(* Let $\mathbf a^*=\{a^*_i\}_{i\in\mathbb Z}$ be a finitely supported mask such that the stationary subdivision scheme $\{S_{\mathbf a^*}\}$ (using the mask $\mathbf a^*$ at every level) is convergent, and suppose there is a positive integer $n$ with $\mu^*:=\|(S_{\mathbf q^*})^n\|<1$, where $\{S_{\mathbf q^*}\}$ is the difference scheme of $\{S_{\mathbf a^*}\}$. Let $\{S_{\mathbf a^{[k]}},\,k\ge 0\}$ be a local non-stationary subdivision scheme that reproduces constants and is asymptotically similar to $\{S_{\mathbf a^*}\}$, i.e. $\lim_{k\to\infty}\|\mathbf a^{[k]}-\mathbf a^*\|=0$. Then $\{S_{\mathbf a^{[k]}},\,k\ge 0\}$ is convergent, and for every $\eta\in((\mu^* )^{1/n},1)$ there exists a constant $C>0$ such that for every bounded initial sequence $\mathbf f^{[0]}$, $$\Big\|S^\infty_{\{\mathbf a^{[k]},\,k\ge0\}}\mathbf f^{[0]}-\mathcal{PL}(\mathbf f^{[k+1]})\Big\|\le C\,\eta^k\,\|\Delta\mathbf f^{[0]}\|,\qquad k\ge 0.$$
   Context: A (binary, uniform) subdivision scheme $\{S_{\mathbf a^{[k]}},\,k\ge0\}$ is given by finitely supported masks $\mathbf a^{[k]}=\{a^{[k]}_i\}_{i\in\mathbb Z}$ and operators $(S_{\mathbf a^{[k]}}\mathbf f)_i=\sum_{j\in\mathbb Z}a^{[k]}_{i-2j}f_j$ on sequences $\mathbf f\in\mathbb R^{\mathbb Z}$; starting from $\mathbf f^{[0]}$ one sets $\mathbf f^{[k+1]}=S_{\mathbf a^{[k]}}\mathbf f^{[k]}$, the values $f^{[k]}_i$ being attached to the points $i2^{-k}$. The scheme is local: there is a positive integer $N$ with $\{i: a^{[k]}_i\neq0\}\subseteq[-N,N]$ for all $k$. It is stationary if $\mathbf a^{[k]}$ does not depend on $k$. All norms are sup-norms: for sequences $\|\mathbf f\|=\sup_i|f_i|$, and for operators $\|S_{\mathbf a}\|=\max\big(\sum_i|a_{2i}|,\sum_i|a_{2i+1}|\big)$ (the operator norm on bounded sequences with the sup-norm). The scheme reproduces constants if $\sum_i a^{[k]}_{2i}=\sum_i a^{[k]}_{2i+1}=1$ for all $k$; then the symbol $a^{[k]}(z)=\sum_i a^{[k]}_iz^i$ factors as $(1+z)q^{[k]}(z)$ with $q^{[k]}_i=\sum_{j\le i}(-1)^{i-j}a^{[k]}_j$, and $\{S_{\mathbf q^{[k]}},\,k\ge0\}$ is called the difference scheme; it satisfies $\Delta\mathbf f^{[k+1]}=S_{\mathbf q^{[k]}}\Delta\mathbf f^{[k]}$, where $(\Delta\mathbf f)_i=f_i-f_{i-1}$. $\mathcal{PL}(\mathbf f^{[k]})$ denotes the piecewise linear function on $\mathbb R$ interpolating $f^{[k]}_i$ at $i2^{-k}$. The scheme is convergent if for every bounded $\mathbf f^{[0]}$ the functions $\mathcal{PL}(\mathbf f^{[k]})$ converge uniformly on $\mathbb R$; the limit is denoted $S^\infty_{\{\mathbf a^{[k]},\,k\ge0\}}\mathbf f^{[0]}$. Two schemes $\{S_{\mathbf a^{[k]}}\}$, $\{S_{\mathbf a^{*[k]}}\}$ are asymptotically similar if $\lim_{k\to\infty}\|\mathbf a^{[k]}-\mathbf a^{*[k]}\|=0$. *)

From Stdlib Require Import Reals Lra Lia ZArith List.
From Coquelicot Require Import Coquelicot.
Open Scope R_scope.

Definition zseq := Z -> R.

Definition sumN (N : nat) (g : Z -> R) : R :=
  fold_right Rplus 0 (map (fun m : nat => g (Z.of_nat m - Z.of_nat N)%Z)
                          (seq 0 (2 * N + 1))).

Definition supported_in (N : nat) (a : zseq) : Prop :=
  forall i : Z, (Z.of_nat N < Z.abs i)%Z -> a i = 0.

(* subdivision operator (S_a f)_i = sum_j a_{i-2j} f_j, for a mask supported
   in [-N,N]: sum over l = i - 2j in [-N,N] with l = i mod 2. *)
Definition subdiv (N : nat) (a : zseq) (f : zseq) : zseq :=
  fun i => sumN N (fun l => if Z.even (i - l) then a l * f ((i - l) / 2)%Z else 0).

Definition diffmask (N : nat) (a : zseq) : zseq :=
  fun i => sumN N (fun l => if (l <=? i)%Z
                           then (if Z.even (i - l) then a l else - a l) else 0).

Definition reproduces_constants (N : nat) (a : zseq) : Prop :=
  sumN N (fun l => if Z.even l then a l else 0) = 1 /\
  sumN N (fun l => if Z.even l then 0 else a l) = 1.

(* mask norm ||S_a|| = max(sum |a_{2i}|, sum |a_{2i+1}|), a supported in [-N,N] *)
Definition mask_norm (N : nat) (a : zseq) : R :=
  Rmax (sumN N (fun l => if Z.even l then Rabs (a l) else 0))
       (sumN N (fun l => if Z.even l then 0 else Rabs (a l))).

Definition bounded_seq (f : zseq) : Prop := exists M : R, forall i, Rabs (f i) <= M.

Definition seq_norm (f : zseq) : R :=
  real (Lub_Rbar (fun x => exists i, x = Rabs (f i))).

Definition op_norm (T : zseq -> zseq) : R :=
  real (Lub_Rbar (fun x => exists f, bounded_seq f /\ seq_norm f <= 1 /\ x = seq_norm (T f))).

Definition Dseq (f : zseq) : zseq := fun i => f i - f (i - 1)%Z.

Fixpoint level (N : nat) (A : nat -> zseq) (f0 : zseq) (k : nat) : zseq :=
  match k with
  | O => f0
  | S k' => subdiv N (A k') (level N A f0 k')
  end.

(* piecewise linear interpolant of values g_i at points i 2^-k *)
Definition PL (k : nat) (g : zseq) (x : R) : R :=
  let t := x * 2 ^ k in
  let i := Int_part t in
  g i + (t - IZR i) * (g (i + 1)%Z - g i).

Definition is_limit_function (N : nat) (A : nat -> zseq) (f0 : zseq) (F : R -> R) : Prop :=
  forall eps : R, 0 < eps -> exists K : nat, forall k : nat, (K <= k)%nat ->
    forall x : R, Rabs (PL k (level N A f0 k) x - F x) < eps.

Definition convergent (N : nat) (A : nat -> zseq) : Prop :=
  forall f0 : zseq, bounded_seq f0 -> exists F : R -> R, is_limit_function N A f0 F.

(* Along the levels, [Delta f^[k+1] = S_(q^[k]) Delta f^[k]], where the
   difference mask [q^[k]] exists because [a^[k]] reproduces constants.  As
   [q^[k]] tends to [q*], a block of [n] steps of the difference scheme is a
   small perturbation of [(S_(q* ))^n], so from some level on it contracts by
   [eta^n > mu*]; hence [||Delta f^[k]|| <= C eta^k ||Delta f^[0]||].
   Consecutive piecewise linear interpolants differ by [O(||Delta f^[k]||)],
   so they converge uniformly, and summing the geometric tail gives the error
   bound. *)

From Stdlib Require Import Reals ZArith.
From Coquelicot Require Import Coquelicot.
From Stdlib Require Import Lra Lia List FunctionalExtensionality.
Open Scope R_scope.

(** * Finite sums over integer windows *)

Fixpoint sumZ (lo : Z) (len : nat) (g : Z -> R) : R :=
  match len with O => 0 | S len' => g lo + sumZ (lo + 1)%Z len' g end.

Lemma sumN_sumZ N g : sumN N g = sumZ (- Z.of_nat N) (2 * N + 1) g.
Proof.
  assert (Hseq : forall len s,
    fold_right Rplus 0 (map (fun m : nat => g (Z.of_nat m - Z.of_nat N)%Z) (seq s len))
    = sumZ (Z.of_nat s - Z.of_nat N) len g).
  { induction len as [|len IH]; intros s; simpl; auto.
    rewrite IH. do 2 f_equal. lia. }
  unfold sumN. rewrite Hseq. reflexivity.
Qed.

Lemma sumZ_ext lo len g h :
  (forall l, (lo <= l < lo + Z.of_nat len)%Z -> g l = h l) -> sumZ lo len g = sumZ lo len h.
Proof.
  revert lo; induction len as [|len IH]; intros lo H; simpl; auto.
  rewrite H by lia. rewrite (IH (lo + 1)%Z); auto; intros; apply H; lia.
Qed.

Lemma sumZ_plus lo len g h : sumZ lo len (fun l => g l + h l) = sumZ lo len g + sumZ lo len h.
Proof. revert lo; induction len as [|len IH]; intros; simpl; [|rewrite IH]; lra. Qed.

Lemma sumZ_minus lo len g h : sumZ lo len (fun l => g l - h l) = sumZ lo len g - sumZ lo len h.
Proof. revert lo; induction len as [|len IH]; intros; simpl; [|rewrite IH]; lra. Qed.

Lemma sumZ_mult_l lo len c g : sumZ lo len (fun l => c * g l) = c * sumZ lo len g.
Proof. revert lo; induction len as [|len IH]; intros; simpl; [|rewrite IH]; lra. Qed.

Lemma sumZ_const lo len c : sumZ lo len (fun _ => c) = INR len * c.
Proof.
  revert lo; induction len as [|len IH]; intros; simpl sumZ; [simpl; lra|].
  rewrite IH, S_INR; lra.
Qed.

Lemma sumZ_le lo len g h :
  (forall l, (lo <= l < lo + Z.of_nat len)%Z -> g l <= h l) -> sumZ lo len g <= sumZ lo len h.
Proof.
  revert lo; induction len as [|len IH]; intros lo H; simpl; [lra|].
  apply Rplus_le_compat; [apply H; lia | apply IH; intros; apply H; lia].
Qed.

Lemma sumZ_Rabs lo len g : Rabs (sumZ lo len g) <= sumZ lo len (fun l => Rabs (g l)).
Proof.
  revert lo; induction len as [|len IH]; intros; simpl; [rewrite Rabs_R0; lra|].
  eapply Rle_trans; [apply Rabs_triang|]. specialize (IH (lo + 1)%Z). lra.
Qed.

Lemma sumZ_0 lo len g :
  (forall l, (lo <= l < lo + Z.of_nat len)%Z -> g l = 0) -> sumZ lo len g = 0.
Proof. intros H. rewrite (sumZ_ext _ _ _ (fun _ => 0)), sumZ_const by auto. lra. Qed.

Lemma sumZ_app lo a b g : sumZ lo (a + b) g = sumZ lo a g + sumZ (lo + Z.of_nat a) b g.
Proof.
  revert lo; induction a as [|a IH]; intros; simpl.
  - rewrite Z.add_0_r. lra.
  - rewrite IH. replace (lo + 1 + Z.of_nat a)%Z with (lo + Z.pos (Pos.of_succ_nat a))%Z by lia.
    lra.
Qed.

Lemma sumZ_shift lo len c g : sumZ lo len (fun l => g (l + c)%Z) = sumZ (lo + c) len g.
Proof.
  revert lo; induction len as [|len IH]; intros; simpl; auto.
  rewrite IH. do 2 f_equal. lia.
Qed.

Lemma sumZ_widen p m d1 d2 g :
  (forall l, (l < p \/ p + Z.of_nat m <= l)%Z -> g l = 0) ->
  sumZ (p - Z.of_nat d1) (d1 + m + d2) g = sumZ p m g.
Proof.
  intros H. rewrite !sumZ_app.
  rewrite (sumZ_0 (p - Z.of_nat d1)), (sumZ_0 (_ + _)%Z d2) by (intros; apply H; lia).
  replace (p - Z.of_nat d1 + Z.of_nat d1)%Z with p by lia. lra.
Qed.

Lemma sumZ_indicator lo len c v :
  sumZ lo len (fun l => if Z.eqb l c then v else 0) =
  if ((lo <=? c) && (c <? lo + Z.of_nat len))%Z%bool then v else 0.
Proof.
  revert lo; induction len as [|len IH]; intros; simpl.
  - destruct (Z.leb_spec lo c), (Z.ltb_spec c (lo + 0)); simpl; auto; lia.
  - rewrite IH.
    destruct (Z.eqb_spec lo c), (Z.leb_spec (lo + 1) c), (Z.ltb_spec c (lo + 1 + Z.of_nat len)),
      (Z.leb_spec lo c), (Z.ltb_spec c (lo + Z.pos (Pos.of_succ_nat len))); simpl; lra || lia.
Qed.

(** * Masks and the difference scheme *)

Definition mask_l1 (N : nat) (a : zseq) : R := sumN N (fun l => Rabs (a l)).

(* The symbol of [a] vanishes at [z = -1], which is what makes the difference
   mask supported in [[-N, N]]. *)
Definition balanced (N : nat) (a : zseq) : Prop :=
  sumN N (fun l => if Z.even l then a l else 0) = sumN N (fun l => if Z.even l then 0 else a l).

Lemma reproduces_constants_balanced N a : reproduces_constants N a -> balanced N a.
Proof. intros [HE HO]. unfold balanced. congruence. Qed.

Lemma mask_l1_ge0 N a : 0 <= mask_l1 N a.
Proof.
  unfold mask_l1. rewrite sumN_sumZ, <- (Rmult_0_r (INR (2 * N + 1))), <- (sumZ_const (- Z.of_nat N)).
  apply sumZ_le. intros; apply Rabs_pos.
Qed.

Lemma mask_l1_le_mask_norm N a : mask_l1 N a <= 2 * mask_norm N a.
Proof.
  unfold mask_l1, mask_norm. rewrite !sumN_sumZ.
  rewrite (sumZ_ext _ _ _ (fun l => (if Z.even l then Rabs (a l) else 0)
                                   + (if Z.even l then 0 else Rabs (a l))))
    by (intros; destruct Z.even; lra).
  rewrite sumZ_plus.
  pose proof (Rmax_l (sumZ (- Z.of_nat N) (2 * N + 1) (fun l => if Z.even l then Rabs (a l) else 0))
                     (sumZ (- Z.of_nat N) (2 * N + 1) (fun l => if Z.even l then 0 else Rabs (a l)))).
  pose proof (Rmax_r (sumZ (- Z.of_nat N) (2 * N + 1) (fun l => if Z.even l then Rabs (a l) else 0))
                     (sumZ (- Z.of_nat N) (2 * N + 1) (fun l => if Z.even l then 0 else Rabs (a l)))).
  lra.
Qed.

Lemma mask_l1_triangle N a b : mask_l1 N a <= mask_l1 N b + mask_l1 N (fun l => a l - b l).
Proof.
  unfold mask_l1. rewrite !sumN_sumZ, <- sumZ_plus. apply sumZ_le; intros.
  replace (a l) with (b l + (a l - b l)) at 1 by lra. apply Rabs_triang.
Qed.

Lemma diffmask_minus N a b i :
  diffmask N (fun l => a l - b l) i = diffmask N a i - diffmask N b i.
Proof.
  unfold diffmask. rewrite !sumN_sumZ, <- sumZ_minus. apply sumZ_ext; intros.
  destruct (l <=? i)%Z; [destruct Z.even|]; lra.
Qed.

Lemma mask_l1_diffmask N a : mask_l1 N (diffmask N a) <= INR (2 * N + 1) * mask_l1 N a.
Proof.
  unfold mask_l1 at 1. rewrite sumN_sumZ, <- (sumZ_const (- Z.of_nat N)).
  apply sumZ_le; intros i _.
  unfold diffmask, mask_l1. rewrite !sumN_sumZ.
  eapply Rle_trans; [apply sumZ_Rabs|]. apply sumZ_le; intros.
  destruct (l <=? i)%Z; [destruct Z.even|]; rewrite ?Rabs_Ropp, ?Rabs_R0; try lra.
  apply Rabs_pos.
Qed.

Lemma diffmask_supported_in N a : balanced N a -> supported_in N (diffmask N a).
Proof.
  intros Hbal i Hi. unfold balanced in Hbal. unfold diffmask. rewrite !sumN_sumZ in Hbal. rewrite sumN_sumZ.
  destruct (Z.ltb_spec i (- Z.of_nat N)).
  { apply sumZ_0. intros l Hl. destruct (Z.leb_spec l i); [lia|reflexivity]. }
  assert (Hle : forall l, (- Z.of_nat N <= l < - Z.of_nat N + Z.of_nat (2 * N + 1))%Z ->
                  (l <=? i)%Z = true) by (intros; apply Z.leb_le; lia).
  destruct (Z.even i) eqn:Ei.
  - rewrite (sumZ_ext _ _ _ (fun l => (if Z.even l then a l else 0) - (if Z.even l then 0 else a l))).
    + rewrite sumZ_minus. lra.
    + intros l Hl. rewrite Hle, Z.even_sub, Ei by exact Hl. destruct (Z.even l); simpl; lra.
  - rewrite (sumZ_ext _ _ _ (fun l => (if Z.even l then 0 else a l) - (if Z.even l then a l else 0))).
    + rewrite sumZ_minus. lra.
    + intros l Hl. rewrite Hle, Z.even_sub, Ei by exact Hl. destruct (Z.even l); simpl; lra.
Qed.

- **What is being asked**: Reprint exactly the lines above that start at the one with "<= sumZ lo len h." and end at the one with "Lemma sumZ_0 lo", keeping both and adding none.

- **Answer to the exercise**:
  (forall l, (lo <= l < lo + Z.of_nat len)%Z -> g l <= h l) -> sumZ lo len g <= sumZ lo len h.
Proof.
  revert lo; induction len as [|len IH]; intros lo H; simpl; [lra|].
  apply Rplus_le_compat; [apply H; lia | apply IH; intros; apply H; lia].
Qed.

Lemma sumZ_Rabs lo len g : Rabs (sumZ lo len g) <= sumZ lo len (fun l => Rabs (g l)).
Proof.
  revert lo; induction len as [|len IH]; intros; simpl; [rewrite Rabs_R0; lra|].
  eapply Rle_trans; [apply Rabs_triang|]. specialize (IH (lo + 1)%Z). lra.
Qed.

Lemma sumZ_0 lo len g :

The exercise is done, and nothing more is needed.